- _Problem description_
Copy out each line from the material where the word "inverse" is found.

-*-*-

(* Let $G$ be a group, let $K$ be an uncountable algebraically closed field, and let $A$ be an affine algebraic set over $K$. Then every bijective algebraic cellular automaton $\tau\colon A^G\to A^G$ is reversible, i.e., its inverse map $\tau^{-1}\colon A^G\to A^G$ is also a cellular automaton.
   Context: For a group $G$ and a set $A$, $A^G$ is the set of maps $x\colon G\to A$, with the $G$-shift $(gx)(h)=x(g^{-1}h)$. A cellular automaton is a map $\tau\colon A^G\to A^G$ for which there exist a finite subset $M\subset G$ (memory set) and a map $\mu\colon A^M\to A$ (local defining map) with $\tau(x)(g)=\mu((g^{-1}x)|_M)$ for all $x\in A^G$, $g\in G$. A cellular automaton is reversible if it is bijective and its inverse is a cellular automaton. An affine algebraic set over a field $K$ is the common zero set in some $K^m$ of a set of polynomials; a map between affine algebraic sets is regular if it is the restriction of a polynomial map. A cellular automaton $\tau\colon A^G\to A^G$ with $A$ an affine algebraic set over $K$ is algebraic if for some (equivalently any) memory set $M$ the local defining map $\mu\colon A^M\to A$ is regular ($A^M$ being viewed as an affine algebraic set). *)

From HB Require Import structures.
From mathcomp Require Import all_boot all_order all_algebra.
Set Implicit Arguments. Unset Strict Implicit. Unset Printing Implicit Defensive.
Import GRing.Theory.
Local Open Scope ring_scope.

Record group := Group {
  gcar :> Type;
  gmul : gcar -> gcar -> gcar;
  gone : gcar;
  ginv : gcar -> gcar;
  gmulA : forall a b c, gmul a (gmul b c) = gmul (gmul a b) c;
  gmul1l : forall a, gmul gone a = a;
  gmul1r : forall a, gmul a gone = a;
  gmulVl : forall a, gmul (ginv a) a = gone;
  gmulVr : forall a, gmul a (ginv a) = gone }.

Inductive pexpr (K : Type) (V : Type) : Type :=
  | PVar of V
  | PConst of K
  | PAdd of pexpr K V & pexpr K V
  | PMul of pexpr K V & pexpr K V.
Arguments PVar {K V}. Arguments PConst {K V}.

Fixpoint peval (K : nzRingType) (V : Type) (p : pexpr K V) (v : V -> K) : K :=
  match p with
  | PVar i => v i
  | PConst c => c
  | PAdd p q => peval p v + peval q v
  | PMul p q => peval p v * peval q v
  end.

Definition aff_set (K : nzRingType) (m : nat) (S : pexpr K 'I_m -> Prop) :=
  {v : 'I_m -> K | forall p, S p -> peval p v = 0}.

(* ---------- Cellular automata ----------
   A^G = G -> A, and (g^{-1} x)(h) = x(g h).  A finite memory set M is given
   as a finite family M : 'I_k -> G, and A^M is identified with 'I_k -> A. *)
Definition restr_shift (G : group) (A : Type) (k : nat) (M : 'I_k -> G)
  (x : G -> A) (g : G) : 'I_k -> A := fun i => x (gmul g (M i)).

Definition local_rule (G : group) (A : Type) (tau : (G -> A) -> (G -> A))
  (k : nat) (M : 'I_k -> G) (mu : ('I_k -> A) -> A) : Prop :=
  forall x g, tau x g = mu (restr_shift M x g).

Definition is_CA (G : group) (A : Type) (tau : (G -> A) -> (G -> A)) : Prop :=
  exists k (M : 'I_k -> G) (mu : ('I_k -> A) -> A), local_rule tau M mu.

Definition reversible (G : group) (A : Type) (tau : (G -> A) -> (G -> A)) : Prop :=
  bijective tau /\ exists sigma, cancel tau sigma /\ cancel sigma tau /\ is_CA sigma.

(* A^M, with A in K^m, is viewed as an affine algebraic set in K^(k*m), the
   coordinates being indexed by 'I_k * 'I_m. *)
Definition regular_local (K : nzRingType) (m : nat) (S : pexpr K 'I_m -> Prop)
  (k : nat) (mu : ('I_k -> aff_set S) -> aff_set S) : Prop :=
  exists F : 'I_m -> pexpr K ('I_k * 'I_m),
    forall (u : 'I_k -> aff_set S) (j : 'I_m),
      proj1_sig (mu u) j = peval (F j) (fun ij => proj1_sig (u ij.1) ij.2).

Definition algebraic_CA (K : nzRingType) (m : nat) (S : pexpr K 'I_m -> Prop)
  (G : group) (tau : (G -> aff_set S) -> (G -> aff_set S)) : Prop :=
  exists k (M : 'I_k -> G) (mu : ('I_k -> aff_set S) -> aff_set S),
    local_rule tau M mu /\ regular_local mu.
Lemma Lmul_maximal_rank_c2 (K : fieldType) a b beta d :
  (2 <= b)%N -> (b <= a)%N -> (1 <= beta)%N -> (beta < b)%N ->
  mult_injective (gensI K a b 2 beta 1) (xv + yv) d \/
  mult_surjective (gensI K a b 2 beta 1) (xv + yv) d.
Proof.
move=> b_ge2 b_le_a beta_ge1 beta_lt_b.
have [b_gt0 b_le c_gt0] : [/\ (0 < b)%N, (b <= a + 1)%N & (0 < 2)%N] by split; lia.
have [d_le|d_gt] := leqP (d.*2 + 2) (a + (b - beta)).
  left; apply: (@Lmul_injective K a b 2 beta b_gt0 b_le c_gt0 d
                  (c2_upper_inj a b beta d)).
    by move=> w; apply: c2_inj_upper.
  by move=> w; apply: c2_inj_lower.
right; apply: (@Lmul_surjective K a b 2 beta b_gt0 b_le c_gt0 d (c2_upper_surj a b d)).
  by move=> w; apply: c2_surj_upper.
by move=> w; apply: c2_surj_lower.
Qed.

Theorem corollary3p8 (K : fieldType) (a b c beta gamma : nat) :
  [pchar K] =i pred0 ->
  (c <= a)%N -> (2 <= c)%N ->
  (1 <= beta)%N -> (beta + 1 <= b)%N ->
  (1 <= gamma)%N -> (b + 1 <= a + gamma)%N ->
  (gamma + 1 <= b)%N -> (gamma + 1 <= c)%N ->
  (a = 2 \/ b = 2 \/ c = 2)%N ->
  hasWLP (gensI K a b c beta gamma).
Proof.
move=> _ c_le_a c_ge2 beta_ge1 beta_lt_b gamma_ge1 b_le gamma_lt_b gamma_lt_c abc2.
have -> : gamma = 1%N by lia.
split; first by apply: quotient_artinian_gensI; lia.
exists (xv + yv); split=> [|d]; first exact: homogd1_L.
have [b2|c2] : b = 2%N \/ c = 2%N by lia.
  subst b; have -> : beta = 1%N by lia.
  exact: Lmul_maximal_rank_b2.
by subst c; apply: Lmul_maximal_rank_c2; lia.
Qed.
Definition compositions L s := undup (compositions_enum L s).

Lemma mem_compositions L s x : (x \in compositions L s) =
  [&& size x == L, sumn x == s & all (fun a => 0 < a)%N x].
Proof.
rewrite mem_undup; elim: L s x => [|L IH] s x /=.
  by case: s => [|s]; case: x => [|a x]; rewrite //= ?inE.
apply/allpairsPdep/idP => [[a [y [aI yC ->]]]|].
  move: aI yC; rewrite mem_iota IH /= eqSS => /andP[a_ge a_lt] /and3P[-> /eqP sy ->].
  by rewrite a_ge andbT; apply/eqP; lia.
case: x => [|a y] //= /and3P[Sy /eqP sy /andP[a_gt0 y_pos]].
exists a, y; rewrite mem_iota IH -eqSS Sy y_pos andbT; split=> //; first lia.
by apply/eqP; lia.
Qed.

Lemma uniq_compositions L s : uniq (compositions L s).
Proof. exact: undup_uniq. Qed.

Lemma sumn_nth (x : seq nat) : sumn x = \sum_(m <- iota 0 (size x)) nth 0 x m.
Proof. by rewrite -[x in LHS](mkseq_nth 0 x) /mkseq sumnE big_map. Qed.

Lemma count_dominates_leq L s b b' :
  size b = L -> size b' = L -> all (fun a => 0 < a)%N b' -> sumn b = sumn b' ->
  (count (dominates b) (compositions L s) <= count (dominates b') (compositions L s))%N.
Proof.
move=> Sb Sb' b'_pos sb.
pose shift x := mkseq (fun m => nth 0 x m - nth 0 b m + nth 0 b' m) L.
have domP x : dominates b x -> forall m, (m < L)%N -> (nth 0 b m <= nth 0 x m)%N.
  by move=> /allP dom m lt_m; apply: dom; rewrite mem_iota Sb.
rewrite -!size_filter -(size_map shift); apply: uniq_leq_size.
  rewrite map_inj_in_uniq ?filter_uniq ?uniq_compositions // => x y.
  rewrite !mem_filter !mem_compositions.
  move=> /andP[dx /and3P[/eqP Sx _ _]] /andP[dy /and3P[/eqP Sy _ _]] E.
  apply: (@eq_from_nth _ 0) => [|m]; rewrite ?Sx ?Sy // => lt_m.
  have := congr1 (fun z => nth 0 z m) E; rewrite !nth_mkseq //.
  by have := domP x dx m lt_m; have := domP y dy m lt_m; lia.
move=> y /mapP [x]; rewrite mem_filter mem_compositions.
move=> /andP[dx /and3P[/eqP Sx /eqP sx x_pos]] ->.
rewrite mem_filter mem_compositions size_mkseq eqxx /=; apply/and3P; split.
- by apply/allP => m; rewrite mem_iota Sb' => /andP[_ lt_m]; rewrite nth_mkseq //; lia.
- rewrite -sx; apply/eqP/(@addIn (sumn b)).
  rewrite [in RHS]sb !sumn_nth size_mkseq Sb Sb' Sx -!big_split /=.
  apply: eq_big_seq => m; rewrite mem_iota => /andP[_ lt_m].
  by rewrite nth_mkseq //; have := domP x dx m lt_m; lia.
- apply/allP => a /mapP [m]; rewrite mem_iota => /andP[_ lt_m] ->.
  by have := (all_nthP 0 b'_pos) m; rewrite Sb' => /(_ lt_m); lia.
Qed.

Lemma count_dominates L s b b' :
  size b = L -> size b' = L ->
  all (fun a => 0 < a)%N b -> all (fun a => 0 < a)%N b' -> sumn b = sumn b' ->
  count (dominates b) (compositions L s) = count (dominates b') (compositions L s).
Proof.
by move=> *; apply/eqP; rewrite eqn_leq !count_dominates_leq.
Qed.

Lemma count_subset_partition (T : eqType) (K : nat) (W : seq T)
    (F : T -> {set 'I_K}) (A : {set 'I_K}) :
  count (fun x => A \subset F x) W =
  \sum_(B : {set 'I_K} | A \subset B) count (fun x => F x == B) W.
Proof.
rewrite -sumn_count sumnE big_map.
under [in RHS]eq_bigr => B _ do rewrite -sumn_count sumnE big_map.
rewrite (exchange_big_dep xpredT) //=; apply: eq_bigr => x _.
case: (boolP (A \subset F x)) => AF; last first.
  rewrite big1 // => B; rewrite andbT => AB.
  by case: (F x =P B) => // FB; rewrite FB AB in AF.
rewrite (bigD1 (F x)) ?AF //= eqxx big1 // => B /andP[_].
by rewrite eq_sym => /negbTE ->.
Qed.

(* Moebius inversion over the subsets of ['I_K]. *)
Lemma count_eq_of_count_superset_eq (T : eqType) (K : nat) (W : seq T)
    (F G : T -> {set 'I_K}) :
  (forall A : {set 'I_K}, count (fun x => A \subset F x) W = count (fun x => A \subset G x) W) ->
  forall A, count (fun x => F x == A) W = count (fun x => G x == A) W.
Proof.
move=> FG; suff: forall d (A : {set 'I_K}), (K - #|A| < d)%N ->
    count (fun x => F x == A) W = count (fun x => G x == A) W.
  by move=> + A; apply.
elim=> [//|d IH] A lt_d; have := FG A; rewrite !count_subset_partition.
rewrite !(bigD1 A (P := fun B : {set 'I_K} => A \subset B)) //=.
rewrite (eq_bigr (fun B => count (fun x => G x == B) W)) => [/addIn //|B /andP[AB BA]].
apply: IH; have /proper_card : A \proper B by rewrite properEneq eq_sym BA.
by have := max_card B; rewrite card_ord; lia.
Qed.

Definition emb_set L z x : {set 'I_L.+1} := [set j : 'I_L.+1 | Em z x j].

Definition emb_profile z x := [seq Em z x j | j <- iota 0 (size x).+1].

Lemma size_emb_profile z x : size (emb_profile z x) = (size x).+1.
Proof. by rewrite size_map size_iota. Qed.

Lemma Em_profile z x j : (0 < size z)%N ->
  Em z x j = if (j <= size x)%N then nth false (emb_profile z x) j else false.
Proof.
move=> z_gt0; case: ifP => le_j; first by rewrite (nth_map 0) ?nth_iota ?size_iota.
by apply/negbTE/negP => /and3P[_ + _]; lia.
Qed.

-*-*-

- _Expected answer_
(* Let $G$ be a group, let $K$ be an uncountable algebraically closed field, and let $A$ be an affine algebraic set over $K$. Then every bijective algebraic cellular automaton $\tau\colon A^G\to A^G$ is reversible, i.e., its inverse map $\tau^{-1}\colon A^G\to A^G$ is also a cellular automaton.
   Context: For a group $G$ and a set $A$, $A^G$ is the set of maps $x\colon G\to A$, with the $G$-shift $(gx)(h)=x(g^{-1}h)$. A cellular automaton is a map $\tau\colon A^G\to A^G$ for which there exist a finite subset $M\subset G$ (memory set) and a map $\mu\colon A^M\to A$ (local defining map) with $\tau(x)(g)=\mu((g^{-1}x)|_M)$ for all $x\in A^G$, $g\in G$. A cellular automaton is reversible if it is bijective and its inverse is a cellular automaton. An affine algebraic set over a field $K$ is the common zero set in some $K^m$ of a set of polynomials; a map between affine algebraic sets is regular if it is the restriction of a polynomial map. A cellular automaton $\tau\colon A^G\to A^G$ with $A$ an affine algebraic set over $K$ is algebraic if for some (equivalently any) memory set $M$ the local defining map $\mu\colon A^M\to A$ is regular ($A^M$ being viewed as an affine algebraic set). *)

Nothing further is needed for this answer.